#### EXERCISE DIRECTIONS:
Once you find the line with "pose g t := let" in the data that follows, repeat it and every line after it exactly, through the line with "have [z [k [l [Qz".

[TASK DATA Boundary: Start]

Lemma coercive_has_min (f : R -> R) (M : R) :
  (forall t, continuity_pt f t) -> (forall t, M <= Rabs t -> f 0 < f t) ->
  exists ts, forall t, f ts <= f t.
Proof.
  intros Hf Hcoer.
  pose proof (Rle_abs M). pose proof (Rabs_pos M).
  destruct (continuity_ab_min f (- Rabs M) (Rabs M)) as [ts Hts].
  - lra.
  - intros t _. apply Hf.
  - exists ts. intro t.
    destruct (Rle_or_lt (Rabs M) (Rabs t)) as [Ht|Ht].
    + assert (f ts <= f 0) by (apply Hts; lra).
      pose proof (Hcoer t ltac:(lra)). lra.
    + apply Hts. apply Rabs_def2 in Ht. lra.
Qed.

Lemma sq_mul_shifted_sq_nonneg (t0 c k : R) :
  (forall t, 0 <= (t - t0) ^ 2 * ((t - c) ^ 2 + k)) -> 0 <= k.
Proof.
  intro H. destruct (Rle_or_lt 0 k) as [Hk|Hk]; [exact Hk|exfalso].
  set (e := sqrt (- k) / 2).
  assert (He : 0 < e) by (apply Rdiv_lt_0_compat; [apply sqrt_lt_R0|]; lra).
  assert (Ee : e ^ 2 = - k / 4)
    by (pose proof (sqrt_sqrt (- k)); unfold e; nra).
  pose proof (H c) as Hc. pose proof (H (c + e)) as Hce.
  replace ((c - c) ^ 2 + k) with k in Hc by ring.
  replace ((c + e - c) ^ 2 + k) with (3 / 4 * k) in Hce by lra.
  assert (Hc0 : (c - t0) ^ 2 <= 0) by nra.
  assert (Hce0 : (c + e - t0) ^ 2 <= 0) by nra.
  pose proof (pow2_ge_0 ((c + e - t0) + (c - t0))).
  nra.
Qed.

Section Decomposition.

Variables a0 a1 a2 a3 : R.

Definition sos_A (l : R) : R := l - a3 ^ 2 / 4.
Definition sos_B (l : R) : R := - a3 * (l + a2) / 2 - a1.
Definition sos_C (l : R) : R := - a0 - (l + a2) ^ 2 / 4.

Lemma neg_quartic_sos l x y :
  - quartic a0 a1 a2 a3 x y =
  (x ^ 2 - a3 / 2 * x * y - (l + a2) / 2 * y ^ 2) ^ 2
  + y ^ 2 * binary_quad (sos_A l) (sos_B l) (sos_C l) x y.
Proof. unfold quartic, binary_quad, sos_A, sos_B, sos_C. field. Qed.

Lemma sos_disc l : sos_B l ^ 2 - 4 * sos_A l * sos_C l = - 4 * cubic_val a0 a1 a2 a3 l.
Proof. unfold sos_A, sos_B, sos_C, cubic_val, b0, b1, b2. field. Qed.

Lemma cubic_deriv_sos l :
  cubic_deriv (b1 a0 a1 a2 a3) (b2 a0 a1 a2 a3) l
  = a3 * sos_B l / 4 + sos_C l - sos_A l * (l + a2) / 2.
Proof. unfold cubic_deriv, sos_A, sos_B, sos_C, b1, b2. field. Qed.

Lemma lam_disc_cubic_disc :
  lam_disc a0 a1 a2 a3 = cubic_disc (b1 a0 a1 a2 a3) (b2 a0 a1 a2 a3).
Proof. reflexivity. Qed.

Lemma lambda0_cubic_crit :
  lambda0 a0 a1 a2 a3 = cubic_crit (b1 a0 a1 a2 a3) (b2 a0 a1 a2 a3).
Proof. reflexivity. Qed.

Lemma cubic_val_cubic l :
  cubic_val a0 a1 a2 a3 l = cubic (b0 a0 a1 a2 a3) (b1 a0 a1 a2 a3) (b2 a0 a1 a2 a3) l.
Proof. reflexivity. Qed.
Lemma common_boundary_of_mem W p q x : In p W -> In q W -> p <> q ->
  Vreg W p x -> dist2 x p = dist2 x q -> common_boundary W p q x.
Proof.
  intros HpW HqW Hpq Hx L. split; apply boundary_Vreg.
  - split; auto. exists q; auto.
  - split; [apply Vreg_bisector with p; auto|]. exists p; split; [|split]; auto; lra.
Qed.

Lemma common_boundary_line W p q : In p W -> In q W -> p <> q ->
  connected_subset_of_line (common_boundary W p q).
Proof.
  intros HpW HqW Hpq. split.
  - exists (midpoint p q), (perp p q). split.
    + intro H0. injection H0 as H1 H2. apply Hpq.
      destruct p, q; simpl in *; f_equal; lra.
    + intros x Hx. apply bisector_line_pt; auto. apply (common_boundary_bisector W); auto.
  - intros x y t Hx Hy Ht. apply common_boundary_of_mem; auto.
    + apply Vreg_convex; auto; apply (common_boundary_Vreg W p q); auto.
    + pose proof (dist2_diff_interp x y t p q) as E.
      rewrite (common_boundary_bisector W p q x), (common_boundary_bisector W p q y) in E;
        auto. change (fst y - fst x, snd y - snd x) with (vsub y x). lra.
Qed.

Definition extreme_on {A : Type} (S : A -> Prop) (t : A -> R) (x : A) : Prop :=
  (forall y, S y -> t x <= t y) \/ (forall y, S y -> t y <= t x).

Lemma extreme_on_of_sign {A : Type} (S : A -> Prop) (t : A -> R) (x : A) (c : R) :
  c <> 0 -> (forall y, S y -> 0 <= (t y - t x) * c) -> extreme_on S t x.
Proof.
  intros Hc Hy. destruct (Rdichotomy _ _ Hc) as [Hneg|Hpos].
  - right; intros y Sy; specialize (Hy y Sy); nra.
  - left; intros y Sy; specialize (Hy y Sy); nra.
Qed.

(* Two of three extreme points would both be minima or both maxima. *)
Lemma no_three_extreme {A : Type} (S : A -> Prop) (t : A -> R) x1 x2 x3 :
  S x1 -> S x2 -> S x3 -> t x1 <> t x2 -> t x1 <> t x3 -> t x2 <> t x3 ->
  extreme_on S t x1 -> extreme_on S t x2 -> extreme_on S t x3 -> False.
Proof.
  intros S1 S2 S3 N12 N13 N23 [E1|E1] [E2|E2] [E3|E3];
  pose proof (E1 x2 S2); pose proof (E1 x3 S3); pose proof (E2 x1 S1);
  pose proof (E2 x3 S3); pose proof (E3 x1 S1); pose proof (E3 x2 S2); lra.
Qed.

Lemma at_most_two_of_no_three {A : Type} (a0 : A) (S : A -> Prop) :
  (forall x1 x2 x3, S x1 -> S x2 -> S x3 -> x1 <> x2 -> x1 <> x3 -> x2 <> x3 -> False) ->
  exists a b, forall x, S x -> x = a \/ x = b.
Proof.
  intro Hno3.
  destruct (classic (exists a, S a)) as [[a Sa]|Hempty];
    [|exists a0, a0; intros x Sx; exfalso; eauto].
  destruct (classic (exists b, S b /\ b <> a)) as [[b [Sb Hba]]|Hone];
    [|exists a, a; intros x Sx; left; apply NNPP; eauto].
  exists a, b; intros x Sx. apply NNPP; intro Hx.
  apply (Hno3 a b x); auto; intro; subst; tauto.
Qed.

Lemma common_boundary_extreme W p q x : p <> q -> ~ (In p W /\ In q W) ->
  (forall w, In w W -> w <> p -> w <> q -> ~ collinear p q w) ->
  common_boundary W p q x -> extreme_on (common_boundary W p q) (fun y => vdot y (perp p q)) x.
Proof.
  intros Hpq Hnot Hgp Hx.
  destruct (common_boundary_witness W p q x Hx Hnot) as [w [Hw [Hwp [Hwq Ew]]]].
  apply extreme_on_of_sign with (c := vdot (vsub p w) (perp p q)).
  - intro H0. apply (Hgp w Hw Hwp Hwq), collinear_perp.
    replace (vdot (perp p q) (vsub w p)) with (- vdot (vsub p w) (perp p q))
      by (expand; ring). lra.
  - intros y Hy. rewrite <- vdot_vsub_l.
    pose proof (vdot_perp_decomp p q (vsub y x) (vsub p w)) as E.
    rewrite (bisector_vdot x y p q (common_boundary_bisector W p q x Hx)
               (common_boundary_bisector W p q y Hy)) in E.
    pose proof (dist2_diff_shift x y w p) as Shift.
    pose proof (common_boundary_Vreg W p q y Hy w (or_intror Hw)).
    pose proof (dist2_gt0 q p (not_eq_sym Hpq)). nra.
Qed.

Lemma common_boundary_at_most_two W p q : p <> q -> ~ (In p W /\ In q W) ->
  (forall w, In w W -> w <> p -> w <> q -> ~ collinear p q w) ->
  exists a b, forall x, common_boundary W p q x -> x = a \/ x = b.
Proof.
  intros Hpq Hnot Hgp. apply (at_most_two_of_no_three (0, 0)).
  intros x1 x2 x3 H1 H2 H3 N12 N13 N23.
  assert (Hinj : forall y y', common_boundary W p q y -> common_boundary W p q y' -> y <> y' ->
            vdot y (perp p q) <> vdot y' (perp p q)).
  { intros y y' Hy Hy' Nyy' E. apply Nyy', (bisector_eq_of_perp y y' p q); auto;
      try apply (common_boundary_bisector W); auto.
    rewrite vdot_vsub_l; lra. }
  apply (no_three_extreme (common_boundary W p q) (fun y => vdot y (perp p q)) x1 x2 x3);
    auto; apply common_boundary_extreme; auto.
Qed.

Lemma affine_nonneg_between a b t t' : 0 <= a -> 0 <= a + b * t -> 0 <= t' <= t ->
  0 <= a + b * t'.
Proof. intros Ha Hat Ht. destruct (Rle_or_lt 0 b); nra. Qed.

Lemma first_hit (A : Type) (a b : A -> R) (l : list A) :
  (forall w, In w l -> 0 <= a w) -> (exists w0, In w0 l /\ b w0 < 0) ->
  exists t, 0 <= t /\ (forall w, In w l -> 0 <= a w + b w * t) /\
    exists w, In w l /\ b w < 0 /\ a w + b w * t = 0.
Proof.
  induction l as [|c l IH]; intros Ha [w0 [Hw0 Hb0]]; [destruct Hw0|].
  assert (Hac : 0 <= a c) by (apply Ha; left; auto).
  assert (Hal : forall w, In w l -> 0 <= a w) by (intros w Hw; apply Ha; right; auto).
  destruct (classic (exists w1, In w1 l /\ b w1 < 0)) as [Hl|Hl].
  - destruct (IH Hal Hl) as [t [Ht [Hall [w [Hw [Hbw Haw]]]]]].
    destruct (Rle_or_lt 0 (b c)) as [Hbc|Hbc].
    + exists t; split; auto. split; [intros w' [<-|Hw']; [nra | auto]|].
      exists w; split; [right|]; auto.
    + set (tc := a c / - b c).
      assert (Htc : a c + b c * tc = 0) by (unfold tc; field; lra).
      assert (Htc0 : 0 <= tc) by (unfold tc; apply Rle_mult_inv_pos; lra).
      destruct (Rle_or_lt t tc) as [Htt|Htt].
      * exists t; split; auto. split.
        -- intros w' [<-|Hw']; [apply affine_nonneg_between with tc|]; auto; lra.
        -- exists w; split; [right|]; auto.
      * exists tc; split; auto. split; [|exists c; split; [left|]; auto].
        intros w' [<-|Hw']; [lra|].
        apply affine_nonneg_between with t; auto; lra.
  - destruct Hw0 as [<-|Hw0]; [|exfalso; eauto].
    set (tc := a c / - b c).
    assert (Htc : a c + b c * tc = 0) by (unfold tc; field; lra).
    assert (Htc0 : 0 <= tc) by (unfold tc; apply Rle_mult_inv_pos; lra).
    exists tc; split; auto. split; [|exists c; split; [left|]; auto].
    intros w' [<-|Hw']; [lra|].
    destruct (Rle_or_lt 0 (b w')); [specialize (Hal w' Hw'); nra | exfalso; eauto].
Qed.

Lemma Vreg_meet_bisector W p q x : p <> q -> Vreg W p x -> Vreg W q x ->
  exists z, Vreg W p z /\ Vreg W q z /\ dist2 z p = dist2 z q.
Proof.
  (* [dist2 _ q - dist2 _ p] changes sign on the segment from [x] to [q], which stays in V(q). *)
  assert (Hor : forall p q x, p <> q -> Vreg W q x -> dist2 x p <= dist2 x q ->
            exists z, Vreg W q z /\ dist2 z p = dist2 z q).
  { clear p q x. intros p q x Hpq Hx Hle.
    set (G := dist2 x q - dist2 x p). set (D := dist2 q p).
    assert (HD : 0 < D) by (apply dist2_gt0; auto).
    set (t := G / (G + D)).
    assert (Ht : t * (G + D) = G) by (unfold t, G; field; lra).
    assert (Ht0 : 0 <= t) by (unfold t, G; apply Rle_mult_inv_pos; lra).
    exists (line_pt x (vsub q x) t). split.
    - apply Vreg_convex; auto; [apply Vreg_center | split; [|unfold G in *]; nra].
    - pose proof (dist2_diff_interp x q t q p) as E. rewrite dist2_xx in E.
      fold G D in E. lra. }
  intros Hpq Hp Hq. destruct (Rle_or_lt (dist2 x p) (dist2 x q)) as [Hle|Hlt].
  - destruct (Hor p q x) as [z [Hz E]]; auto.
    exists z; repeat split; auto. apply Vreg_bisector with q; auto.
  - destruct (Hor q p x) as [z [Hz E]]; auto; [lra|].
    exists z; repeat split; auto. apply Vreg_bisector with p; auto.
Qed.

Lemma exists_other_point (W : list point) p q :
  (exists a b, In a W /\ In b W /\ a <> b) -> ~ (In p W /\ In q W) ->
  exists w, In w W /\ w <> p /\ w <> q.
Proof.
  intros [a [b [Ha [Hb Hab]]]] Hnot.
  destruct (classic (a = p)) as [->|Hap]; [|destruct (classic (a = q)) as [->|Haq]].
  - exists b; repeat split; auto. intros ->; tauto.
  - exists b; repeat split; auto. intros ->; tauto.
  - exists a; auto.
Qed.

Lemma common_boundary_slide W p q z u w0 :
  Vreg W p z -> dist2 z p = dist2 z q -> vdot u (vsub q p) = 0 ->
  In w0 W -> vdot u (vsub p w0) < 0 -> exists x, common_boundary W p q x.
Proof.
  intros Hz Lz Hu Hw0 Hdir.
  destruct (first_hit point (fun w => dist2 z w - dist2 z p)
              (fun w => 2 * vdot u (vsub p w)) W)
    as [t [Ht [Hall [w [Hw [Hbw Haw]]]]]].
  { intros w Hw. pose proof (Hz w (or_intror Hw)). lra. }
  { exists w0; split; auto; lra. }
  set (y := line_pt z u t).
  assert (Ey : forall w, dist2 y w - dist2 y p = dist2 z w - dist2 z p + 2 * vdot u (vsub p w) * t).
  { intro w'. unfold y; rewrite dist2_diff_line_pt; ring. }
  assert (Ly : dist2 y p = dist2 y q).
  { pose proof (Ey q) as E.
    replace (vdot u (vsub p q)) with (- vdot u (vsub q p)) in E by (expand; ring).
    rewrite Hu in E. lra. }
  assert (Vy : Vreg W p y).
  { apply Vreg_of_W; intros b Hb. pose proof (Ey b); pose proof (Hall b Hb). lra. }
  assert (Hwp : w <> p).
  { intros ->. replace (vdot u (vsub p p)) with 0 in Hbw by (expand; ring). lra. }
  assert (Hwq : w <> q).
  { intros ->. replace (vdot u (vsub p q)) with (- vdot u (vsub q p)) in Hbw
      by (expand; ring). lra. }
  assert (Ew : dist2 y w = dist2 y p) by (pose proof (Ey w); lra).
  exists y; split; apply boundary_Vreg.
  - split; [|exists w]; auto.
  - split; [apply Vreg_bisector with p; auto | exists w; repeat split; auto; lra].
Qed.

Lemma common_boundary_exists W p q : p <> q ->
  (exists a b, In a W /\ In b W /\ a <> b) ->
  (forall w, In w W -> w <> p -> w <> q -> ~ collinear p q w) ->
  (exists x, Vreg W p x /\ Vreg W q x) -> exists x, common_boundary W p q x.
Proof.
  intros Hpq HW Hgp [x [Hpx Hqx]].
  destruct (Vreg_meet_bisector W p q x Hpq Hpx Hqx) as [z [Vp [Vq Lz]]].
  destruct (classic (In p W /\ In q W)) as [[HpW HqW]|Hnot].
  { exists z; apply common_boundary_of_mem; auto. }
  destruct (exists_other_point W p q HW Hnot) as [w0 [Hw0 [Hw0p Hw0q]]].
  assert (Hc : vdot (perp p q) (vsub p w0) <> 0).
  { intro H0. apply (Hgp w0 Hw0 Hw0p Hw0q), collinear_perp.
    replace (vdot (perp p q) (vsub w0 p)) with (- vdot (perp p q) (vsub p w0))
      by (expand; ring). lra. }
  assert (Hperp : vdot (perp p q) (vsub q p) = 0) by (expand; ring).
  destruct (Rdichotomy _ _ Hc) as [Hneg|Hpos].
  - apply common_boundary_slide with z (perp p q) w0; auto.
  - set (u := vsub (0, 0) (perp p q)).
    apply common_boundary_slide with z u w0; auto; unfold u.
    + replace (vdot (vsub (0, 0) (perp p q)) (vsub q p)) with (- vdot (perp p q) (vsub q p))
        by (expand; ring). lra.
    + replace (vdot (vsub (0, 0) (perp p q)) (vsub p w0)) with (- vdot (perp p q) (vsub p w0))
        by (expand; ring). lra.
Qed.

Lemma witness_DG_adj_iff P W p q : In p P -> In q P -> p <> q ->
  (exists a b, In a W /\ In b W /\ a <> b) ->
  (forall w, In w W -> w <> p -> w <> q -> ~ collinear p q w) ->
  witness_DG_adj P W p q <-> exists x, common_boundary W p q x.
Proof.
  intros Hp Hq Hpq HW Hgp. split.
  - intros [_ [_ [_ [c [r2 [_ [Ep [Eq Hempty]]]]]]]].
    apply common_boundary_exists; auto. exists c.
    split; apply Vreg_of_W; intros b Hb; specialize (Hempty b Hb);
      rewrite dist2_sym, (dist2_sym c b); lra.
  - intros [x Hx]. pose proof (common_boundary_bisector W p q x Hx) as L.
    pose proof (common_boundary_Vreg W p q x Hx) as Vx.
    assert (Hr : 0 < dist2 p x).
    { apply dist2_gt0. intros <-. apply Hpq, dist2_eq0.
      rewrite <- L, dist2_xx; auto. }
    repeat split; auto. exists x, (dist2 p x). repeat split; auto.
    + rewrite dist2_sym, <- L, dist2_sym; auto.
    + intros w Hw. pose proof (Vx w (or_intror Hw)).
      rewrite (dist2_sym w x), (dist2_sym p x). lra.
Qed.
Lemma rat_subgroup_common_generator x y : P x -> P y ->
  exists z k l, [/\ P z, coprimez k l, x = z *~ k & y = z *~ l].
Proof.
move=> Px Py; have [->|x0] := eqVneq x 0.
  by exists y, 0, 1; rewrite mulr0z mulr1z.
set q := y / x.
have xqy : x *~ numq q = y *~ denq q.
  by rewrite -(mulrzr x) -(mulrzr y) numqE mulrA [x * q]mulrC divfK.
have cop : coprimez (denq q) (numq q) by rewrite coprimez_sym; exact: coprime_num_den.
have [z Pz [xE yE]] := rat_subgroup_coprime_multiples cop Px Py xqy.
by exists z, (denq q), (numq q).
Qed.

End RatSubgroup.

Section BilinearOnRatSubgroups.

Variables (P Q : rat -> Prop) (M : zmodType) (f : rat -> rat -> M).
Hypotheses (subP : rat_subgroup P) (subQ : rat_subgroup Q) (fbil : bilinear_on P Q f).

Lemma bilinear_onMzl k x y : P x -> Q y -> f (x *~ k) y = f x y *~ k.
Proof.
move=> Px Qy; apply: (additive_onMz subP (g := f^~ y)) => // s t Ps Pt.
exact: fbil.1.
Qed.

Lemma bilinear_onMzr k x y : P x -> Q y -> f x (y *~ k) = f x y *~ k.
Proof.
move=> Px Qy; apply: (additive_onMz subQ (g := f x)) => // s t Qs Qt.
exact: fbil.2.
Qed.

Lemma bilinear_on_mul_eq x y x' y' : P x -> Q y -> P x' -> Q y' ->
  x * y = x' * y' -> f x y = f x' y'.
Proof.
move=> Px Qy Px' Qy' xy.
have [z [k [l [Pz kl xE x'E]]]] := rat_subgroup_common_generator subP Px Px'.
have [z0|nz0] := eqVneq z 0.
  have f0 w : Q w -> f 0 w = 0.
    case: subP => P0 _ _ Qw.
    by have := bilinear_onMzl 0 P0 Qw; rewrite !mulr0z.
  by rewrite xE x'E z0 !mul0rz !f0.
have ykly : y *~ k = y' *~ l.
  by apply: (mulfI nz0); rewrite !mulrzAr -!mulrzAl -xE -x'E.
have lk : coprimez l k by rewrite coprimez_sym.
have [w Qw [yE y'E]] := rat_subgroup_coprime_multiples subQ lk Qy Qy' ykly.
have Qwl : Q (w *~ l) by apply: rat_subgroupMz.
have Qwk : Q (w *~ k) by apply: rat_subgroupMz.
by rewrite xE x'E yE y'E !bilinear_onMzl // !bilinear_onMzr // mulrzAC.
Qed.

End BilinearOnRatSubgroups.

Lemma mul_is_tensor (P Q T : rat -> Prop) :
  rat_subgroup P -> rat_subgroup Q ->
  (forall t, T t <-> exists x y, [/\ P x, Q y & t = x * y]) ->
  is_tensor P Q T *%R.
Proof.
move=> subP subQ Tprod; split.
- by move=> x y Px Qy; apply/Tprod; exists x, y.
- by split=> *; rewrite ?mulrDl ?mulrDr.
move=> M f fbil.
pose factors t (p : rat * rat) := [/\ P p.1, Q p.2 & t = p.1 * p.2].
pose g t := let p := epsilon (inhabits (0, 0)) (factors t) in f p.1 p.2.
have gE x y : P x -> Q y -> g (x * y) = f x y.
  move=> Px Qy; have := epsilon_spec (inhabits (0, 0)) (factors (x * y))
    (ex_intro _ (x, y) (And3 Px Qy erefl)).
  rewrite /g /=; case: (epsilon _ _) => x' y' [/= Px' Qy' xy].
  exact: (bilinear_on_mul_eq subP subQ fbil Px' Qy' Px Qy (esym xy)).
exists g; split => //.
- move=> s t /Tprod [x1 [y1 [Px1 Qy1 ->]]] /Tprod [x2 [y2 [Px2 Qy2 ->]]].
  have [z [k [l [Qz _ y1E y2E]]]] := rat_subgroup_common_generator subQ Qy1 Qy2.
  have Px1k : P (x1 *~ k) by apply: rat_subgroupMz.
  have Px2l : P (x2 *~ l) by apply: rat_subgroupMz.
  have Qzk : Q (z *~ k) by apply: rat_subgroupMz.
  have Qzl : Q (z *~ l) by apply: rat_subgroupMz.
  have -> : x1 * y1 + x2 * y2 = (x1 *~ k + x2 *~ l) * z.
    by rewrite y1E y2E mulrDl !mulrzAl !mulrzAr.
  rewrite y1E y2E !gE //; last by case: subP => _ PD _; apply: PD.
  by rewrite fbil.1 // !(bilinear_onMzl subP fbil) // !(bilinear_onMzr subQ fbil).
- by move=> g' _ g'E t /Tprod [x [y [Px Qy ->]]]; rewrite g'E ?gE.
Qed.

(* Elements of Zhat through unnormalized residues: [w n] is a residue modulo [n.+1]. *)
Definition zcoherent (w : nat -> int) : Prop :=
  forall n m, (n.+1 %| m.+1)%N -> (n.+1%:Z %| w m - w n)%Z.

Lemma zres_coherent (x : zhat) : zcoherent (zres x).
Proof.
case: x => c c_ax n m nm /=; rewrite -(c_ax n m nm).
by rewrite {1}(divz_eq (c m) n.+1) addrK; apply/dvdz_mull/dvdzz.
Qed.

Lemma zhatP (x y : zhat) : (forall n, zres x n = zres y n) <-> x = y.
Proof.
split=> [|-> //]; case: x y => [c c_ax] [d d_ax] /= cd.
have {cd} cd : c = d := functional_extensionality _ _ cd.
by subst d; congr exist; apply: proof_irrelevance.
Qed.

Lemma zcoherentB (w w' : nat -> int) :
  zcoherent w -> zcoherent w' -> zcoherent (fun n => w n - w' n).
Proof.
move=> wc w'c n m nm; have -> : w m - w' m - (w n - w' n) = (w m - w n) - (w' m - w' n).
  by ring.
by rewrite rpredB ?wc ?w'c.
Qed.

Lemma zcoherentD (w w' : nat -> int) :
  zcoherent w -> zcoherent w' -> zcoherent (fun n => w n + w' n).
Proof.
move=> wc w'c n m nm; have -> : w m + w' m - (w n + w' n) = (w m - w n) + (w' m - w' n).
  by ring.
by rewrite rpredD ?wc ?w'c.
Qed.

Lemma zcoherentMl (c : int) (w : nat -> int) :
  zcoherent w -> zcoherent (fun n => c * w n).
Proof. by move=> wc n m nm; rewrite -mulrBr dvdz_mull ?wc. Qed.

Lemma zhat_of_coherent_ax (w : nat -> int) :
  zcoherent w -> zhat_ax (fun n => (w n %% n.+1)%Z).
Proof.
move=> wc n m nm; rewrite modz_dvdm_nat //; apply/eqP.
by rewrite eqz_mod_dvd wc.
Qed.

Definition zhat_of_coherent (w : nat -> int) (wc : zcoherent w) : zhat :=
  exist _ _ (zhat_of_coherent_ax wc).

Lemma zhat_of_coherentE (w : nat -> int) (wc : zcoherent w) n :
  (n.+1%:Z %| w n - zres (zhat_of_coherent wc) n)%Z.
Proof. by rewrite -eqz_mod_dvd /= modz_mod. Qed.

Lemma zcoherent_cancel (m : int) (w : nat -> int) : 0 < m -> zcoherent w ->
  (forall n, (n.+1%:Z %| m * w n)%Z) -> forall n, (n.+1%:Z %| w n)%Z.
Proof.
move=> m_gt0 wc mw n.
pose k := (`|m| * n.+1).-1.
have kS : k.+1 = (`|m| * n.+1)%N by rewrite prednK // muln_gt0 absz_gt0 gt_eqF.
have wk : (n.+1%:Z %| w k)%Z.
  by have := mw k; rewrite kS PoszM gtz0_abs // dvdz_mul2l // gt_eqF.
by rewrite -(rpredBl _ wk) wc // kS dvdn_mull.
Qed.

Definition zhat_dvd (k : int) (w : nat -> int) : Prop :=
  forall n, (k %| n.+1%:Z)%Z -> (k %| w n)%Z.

[TASK DATA Boundary: End]

#### FINISHED EXERCISE:
pose g t := let p := epsilon (inhabits (0, 0)) (factors t) in f p.1 p.2.
have gE x y : P x -> Q y -> g (x * y) = f x y.
  move=> Px Qy; have := epsilon_spec (inhabits (0, 0)) (factors (x * y))
    (ex_intro _ (x, y) (And3 Px Qy erefl)).
  rewrite /g /=; case: (epsilon _ _) => x' y' [/= Px' Qy' xy].
  exact: (bilinear_on_mul_eq subP subQ fbil Px' Qy' Px Qy (esym xy)).
exists g; split => //.
- move=> s t /Tprod [x1 [y1 [Px1 Qy1 ->]]] /Tprod [x2 [y2 [Px2 Qy2 ->]]].
  have [z [k [l [Qz _ y1E y2E]]]] := rat_subgroup_common_generator subQ Qy1 Qy2.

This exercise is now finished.